● **Provided records**:
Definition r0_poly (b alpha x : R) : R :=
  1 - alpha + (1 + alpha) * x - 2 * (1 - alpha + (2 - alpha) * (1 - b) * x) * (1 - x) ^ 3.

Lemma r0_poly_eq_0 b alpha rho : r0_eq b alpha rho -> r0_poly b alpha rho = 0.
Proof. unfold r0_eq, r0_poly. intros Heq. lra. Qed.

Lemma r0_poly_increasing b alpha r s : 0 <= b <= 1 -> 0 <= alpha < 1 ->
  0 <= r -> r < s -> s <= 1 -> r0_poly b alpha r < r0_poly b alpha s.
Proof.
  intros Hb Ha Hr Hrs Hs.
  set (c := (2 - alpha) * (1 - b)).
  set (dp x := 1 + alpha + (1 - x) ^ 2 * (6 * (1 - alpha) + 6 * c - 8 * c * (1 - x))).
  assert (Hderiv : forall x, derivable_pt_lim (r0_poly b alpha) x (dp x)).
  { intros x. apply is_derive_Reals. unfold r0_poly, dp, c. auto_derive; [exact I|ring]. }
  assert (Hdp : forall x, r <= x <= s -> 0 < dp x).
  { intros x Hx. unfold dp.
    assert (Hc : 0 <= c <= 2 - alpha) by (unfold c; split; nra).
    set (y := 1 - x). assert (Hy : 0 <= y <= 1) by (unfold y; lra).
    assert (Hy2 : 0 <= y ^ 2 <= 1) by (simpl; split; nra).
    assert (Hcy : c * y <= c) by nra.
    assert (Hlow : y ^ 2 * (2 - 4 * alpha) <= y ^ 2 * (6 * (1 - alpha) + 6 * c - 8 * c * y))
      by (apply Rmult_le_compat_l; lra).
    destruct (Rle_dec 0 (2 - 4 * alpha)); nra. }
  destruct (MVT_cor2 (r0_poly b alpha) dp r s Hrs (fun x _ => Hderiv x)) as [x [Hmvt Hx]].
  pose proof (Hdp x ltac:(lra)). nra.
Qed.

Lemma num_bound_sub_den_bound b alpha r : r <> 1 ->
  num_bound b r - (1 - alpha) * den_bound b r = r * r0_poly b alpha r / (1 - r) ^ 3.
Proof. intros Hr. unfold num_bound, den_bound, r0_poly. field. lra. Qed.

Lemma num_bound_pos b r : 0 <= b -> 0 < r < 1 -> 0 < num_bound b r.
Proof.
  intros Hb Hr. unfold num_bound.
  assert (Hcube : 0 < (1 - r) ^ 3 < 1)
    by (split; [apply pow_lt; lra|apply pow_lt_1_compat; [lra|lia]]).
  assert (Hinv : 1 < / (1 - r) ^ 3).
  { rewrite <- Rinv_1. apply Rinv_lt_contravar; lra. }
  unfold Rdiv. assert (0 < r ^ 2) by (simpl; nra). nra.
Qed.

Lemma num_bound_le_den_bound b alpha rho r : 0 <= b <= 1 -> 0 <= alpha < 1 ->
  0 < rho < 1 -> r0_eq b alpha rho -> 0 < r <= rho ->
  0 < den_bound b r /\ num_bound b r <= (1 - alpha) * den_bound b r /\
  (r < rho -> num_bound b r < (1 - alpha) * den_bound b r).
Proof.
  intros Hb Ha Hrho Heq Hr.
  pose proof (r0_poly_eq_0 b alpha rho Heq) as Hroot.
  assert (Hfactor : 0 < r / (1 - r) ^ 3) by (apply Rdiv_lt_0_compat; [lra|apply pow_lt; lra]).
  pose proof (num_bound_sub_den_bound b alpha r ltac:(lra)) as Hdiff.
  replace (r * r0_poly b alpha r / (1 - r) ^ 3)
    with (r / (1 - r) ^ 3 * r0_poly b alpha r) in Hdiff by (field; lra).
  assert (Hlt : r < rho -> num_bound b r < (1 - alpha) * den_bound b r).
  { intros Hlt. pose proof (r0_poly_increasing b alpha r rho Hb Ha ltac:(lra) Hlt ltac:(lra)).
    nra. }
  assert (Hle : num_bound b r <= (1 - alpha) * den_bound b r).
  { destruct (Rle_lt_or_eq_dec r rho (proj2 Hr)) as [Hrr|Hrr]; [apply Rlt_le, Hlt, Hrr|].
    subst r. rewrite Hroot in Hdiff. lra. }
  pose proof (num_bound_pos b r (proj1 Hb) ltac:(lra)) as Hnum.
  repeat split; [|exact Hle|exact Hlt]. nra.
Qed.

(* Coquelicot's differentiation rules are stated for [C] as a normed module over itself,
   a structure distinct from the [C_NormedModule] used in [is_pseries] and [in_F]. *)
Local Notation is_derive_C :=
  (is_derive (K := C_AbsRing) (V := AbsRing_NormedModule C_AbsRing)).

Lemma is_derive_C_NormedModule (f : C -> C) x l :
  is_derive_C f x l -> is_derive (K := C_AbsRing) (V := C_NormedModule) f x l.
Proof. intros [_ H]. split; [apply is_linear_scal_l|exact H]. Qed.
* * *
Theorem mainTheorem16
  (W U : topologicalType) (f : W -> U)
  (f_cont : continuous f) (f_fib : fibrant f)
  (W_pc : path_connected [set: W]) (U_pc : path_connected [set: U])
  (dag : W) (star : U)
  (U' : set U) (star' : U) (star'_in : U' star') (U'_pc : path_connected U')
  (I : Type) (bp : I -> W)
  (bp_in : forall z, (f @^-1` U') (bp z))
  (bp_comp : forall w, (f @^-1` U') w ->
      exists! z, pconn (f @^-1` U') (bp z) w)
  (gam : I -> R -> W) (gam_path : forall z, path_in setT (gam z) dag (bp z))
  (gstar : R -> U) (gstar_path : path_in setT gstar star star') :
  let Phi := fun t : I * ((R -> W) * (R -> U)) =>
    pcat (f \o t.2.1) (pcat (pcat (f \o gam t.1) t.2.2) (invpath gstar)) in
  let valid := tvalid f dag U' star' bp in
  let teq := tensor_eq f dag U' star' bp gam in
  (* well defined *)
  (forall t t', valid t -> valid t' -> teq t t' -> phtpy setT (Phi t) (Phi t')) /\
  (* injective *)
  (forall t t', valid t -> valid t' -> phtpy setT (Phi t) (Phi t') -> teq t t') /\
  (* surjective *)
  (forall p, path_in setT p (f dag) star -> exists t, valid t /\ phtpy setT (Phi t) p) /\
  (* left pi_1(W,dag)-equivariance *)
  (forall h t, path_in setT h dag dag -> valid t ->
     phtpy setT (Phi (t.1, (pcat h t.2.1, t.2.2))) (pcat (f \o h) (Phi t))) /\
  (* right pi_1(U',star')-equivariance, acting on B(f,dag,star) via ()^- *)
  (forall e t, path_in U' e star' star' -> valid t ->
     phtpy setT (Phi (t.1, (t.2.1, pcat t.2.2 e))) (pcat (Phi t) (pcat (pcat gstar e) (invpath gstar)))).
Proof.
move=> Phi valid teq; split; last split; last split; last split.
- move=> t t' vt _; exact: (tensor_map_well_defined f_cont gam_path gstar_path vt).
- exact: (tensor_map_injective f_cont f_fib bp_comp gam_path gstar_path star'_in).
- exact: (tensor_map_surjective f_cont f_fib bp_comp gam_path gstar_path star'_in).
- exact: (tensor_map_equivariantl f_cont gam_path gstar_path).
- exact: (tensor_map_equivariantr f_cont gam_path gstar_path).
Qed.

● **Assignment**: Give an exact copy of the lines above from the line with "phtpy setT (Phi (t.1, (pcat" up to and including the line with "- move=> t t'", and leave everything else out.

● **Output of the exercise**:
     phtpy setT (Phi (t.1, (pcat h t.2.1, t.2.2))) (pcat (f \o h) (Phi t))) /\
  (* right pi_1(U',star')-equivariance, acting on B(f,dag,star) via ()^- *)
  (forall e t, path_in U' e star' star' -> valid t ->
     phtpy setT (Phi (t.1, (t.2.1, pcat t.2.2 e))) (pcat (Phi t) (pcat (pcat gstar e) (invpath gstar)))).
Proof.
move=> Phi valid teq; split; last split; last split; last split.
- move=> t t' vt _; exact: (tensor_map_well_defined f_cont gam_path gstar_path vt).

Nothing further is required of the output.